▽

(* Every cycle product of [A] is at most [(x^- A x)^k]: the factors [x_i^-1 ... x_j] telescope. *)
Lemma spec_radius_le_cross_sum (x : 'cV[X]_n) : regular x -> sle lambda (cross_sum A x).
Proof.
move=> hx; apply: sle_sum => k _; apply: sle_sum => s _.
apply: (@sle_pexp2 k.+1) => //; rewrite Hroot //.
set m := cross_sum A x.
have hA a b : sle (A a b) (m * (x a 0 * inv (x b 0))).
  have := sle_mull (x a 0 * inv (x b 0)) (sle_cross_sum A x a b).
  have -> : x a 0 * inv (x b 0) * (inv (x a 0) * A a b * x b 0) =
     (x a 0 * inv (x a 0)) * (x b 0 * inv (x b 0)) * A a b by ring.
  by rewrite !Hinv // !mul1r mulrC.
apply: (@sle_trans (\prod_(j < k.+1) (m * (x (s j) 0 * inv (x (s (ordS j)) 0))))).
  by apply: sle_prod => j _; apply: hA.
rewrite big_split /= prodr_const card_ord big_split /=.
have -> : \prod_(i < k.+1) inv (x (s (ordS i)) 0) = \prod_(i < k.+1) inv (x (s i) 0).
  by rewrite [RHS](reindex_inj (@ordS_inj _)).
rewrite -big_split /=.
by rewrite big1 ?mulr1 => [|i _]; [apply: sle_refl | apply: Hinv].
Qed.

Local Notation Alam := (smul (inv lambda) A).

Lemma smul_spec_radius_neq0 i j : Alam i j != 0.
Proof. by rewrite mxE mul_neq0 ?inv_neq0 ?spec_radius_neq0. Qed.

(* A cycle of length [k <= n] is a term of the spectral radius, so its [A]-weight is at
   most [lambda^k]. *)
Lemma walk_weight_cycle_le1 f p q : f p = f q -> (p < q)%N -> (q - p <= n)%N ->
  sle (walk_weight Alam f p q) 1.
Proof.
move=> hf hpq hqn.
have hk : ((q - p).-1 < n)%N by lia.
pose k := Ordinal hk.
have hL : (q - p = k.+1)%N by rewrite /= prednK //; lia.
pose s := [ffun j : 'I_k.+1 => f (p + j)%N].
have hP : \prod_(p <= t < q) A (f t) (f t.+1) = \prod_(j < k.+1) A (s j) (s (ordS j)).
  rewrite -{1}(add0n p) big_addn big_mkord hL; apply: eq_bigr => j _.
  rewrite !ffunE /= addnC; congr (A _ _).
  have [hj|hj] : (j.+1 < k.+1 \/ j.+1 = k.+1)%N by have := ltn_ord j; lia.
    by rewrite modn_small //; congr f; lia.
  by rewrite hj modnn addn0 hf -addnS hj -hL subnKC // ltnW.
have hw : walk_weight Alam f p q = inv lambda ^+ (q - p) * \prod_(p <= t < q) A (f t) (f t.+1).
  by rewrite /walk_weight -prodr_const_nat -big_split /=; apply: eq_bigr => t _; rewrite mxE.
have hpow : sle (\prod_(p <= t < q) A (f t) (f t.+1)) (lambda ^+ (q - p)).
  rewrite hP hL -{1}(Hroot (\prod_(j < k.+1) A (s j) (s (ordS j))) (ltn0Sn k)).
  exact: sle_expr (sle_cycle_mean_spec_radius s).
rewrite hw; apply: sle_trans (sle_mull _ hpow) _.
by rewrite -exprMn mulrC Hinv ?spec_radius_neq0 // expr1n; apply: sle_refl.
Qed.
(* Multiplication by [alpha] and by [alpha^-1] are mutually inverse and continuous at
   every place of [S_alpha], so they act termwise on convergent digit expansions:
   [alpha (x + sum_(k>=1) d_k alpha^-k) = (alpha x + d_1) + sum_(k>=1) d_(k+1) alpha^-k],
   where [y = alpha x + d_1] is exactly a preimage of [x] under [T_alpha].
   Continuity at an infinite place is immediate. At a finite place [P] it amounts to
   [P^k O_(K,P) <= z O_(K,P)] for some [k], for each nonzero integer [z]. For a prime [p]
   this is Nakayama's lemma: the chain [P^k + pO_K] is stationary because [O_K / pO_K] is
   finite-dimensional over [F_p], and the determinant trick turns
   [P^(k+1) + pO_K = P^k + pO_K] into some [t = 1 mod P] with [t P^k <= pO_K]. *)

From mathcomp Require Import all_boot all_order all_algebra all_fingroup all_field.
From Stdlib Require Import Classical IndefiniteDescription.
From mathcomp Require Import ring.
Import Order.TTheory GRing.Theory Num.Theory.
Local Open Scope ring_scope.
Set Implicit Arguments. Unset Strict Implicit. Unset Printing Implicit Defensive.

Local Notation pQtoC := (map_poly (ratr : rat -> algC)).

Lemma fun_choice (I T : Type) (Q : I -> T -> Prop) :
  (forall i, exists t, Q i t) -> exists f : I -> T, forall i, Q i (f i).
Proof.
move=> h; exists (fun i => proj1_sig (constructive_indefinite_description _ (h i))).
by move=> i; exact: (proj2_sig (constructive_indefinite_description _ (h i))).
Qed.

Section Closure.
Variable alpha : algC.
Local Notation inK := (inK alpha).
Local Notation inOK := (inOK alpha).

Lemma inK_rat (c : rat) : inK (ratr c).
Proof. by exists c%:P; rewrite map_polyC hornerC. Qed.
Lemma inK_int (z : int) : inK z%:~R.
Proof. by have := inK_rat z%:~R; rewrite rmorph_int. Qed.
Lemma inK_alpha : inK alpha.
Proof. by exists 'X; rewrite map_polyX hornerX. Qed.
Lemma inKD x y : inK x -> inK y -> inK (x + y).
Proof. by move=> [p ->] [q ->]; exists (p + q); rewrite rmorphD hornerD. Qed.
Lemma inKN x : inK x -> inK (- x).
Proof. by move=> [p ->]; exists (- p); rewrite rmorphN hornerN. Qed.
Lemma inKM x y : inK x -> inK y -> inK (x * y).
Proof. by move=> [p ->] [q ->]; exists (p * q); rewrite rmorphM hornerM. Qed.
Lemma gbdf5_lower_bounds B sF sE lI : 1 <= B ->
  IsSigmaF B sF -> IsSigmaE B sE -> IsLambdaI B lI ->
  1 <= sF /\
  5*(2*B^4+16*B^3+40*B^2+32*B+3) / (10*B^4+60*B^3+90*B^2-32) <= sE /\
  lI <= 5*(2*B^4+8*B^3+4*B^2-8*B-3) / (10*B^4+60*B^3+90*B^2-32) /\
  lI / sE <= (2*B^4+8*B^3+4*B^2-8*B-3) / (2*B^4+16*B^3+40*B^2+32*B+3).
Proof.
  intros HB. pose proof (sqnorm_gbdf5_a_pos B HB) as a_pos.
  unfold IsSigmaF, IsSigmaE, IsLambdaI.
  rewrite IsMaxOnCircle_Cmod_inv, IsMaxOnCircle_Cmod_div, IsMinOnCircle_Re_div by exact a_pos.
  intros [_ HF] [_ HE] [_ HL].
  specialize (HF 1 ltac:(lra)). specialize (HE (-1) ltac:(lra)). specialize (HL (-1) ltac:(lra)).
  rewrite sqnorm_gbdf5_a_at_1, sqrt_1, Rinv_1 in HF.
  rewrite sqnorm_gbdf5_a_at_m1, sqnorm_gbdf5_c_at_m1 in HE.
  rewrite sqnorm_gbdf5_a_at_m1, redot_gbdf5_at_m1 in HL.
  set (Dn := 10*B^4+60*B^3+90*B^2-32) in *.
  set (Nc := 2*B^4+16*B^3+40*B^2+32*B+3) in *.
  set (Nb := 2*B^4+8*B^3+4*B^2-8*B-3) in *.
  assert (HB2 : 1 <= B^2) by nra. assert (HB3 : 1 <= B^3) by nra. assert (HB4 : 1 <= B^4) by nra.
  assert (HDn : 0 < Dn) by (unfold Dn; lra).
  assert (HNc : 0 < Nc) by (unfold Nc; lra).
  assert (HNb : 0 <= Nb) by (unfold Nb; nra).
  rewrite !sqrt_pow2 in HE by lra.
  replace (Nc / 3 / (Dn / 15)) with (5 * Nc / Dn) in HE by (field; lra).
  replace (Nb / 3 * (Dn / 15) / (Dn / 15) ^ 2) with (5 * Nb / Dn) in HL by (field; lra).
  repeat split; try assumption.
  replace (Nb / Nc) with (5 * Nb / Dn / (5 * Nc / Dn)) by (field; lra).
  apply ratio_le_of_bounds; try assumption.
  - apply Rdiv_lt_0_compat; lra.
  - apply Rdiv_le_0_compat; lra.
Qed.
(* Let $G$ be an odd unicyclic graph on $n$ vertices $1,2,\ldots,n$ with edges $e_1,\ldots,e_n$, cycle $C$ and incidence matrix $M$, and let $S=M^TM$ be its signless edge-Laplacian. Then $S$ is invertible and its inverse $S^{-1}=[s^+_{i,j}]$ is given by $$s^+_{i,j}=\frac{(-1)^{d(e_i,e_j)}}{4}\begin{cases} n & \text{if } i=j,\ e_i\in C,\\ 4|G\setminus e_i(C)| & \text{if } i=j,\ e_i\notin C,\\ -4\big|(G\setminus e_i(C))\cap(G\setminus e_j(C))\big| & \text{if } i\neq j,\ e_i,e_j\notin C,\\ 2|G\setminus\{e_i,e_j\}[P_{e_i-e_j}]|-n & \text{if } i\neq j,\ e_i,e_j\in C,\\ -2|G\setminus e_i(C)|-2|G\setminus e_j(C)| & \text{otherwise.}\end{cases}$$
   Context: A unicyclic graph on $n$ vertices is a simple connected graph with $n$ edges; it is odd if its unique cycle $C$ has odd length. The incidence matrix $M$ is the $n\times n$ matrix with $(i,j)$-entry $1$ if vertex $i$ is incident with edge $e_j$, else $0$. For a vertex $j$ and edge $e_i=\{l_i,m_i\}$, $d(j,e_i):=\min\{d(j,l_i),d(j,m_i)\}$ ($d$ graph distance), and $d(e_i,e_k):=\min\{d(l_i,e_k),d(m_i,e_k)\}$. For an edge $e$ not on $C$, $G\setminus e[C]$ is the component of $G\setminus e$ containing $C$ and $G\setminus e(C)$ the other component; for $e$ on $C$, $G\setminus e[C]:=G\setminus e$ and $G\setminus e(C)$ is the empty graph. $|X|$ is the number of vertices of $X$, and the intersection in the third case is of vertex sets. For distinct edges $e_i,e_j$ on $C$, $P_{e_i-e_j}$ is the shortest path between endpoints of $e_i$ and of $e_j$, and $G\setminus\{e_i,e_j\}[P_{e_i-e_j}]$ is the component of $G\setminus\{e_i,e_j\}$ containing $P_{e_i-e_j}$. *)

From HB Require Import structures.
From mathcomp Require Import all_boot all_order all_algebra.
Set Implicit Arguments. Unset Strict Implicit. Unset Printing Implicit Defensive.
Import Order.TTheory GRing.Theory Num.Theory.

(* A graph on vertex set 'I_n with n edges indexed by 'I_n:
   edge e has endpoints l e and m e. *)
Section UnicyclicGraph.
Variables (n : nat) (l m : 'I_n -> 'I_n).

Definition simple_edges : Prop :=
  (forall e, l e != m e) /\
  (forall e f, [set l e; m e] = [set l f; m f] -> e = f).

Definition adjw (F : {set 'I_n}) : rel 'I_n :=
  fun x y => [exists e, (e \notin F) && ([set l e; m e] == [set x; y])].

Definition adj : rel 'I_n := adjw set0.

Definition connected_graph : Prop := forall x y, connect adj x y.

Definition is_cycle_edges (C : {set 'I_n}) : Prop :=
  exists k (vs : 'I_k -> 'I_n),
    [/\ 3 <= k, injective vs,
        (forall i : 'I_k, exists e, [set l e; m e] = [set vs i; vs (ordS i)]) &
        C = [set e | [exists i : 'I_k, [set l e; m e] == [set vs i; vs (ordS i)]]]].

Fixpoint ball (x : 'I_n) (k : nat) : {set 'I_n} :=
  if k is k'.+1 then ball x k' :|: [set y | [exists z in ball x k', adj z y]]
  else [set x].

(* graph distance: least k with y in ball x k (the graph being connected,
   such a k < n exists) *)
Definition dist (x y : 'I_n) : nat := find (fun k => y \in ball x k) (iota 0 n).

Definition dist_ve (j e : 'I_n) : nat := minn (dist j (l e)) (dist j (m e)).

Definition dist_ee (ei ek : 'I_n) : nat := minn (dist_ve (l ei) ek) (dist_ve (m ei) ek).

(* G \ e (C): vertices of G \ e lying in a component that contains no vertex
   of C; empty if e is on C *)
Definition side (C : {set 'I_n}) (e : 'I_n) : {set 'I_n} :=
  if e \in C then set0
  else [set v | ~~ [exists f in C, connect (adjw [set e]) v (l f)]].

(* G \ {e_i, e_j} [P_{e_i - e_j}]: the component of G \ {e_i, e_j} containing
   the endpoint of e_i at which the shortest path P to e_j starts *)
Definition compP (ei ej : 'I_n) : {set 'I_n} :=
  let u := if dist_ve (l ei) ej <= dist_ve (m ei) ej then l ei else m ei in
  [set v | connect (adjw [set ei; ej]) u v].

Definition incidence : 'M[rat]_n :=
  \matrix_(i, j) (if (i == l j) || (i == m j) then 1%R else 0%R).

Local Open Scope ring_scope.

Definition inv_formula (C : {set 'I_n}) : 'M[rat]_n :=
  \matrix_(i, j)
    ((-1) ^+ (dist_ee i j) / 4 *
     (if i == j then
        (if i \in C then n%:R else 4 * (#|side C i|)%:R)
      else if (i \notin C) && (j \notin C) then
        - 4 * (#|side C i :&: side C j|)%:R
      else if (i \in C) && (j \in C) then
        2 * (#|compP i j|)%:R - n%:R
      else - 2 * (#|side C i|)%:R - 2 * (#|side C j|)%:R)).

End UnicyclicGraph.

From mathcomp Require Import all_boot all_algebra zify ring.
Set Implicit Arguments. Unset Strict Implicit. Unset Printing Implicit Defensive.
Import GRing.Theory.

△

### [REQUIREMENT]
Repeat precisely the lines of the data starting at the one containing "2 * (#|compP i j|)%:R - n%:R", last line included.

### [EXERCISE RESULT]
        2 * (#|compP i j|)%:R - n%:R
      else - 2 * (#|side C i|)%:R - 2 * (#|side C j|)%:R)).

End UnicyclicGraph.

From mathcomp Require Import all_boot all_algebra zify ring.
Set Implicit Arguments. Unset Strict Implicit. Unset Printing Implicit Defensive.
Import GRing.Theory.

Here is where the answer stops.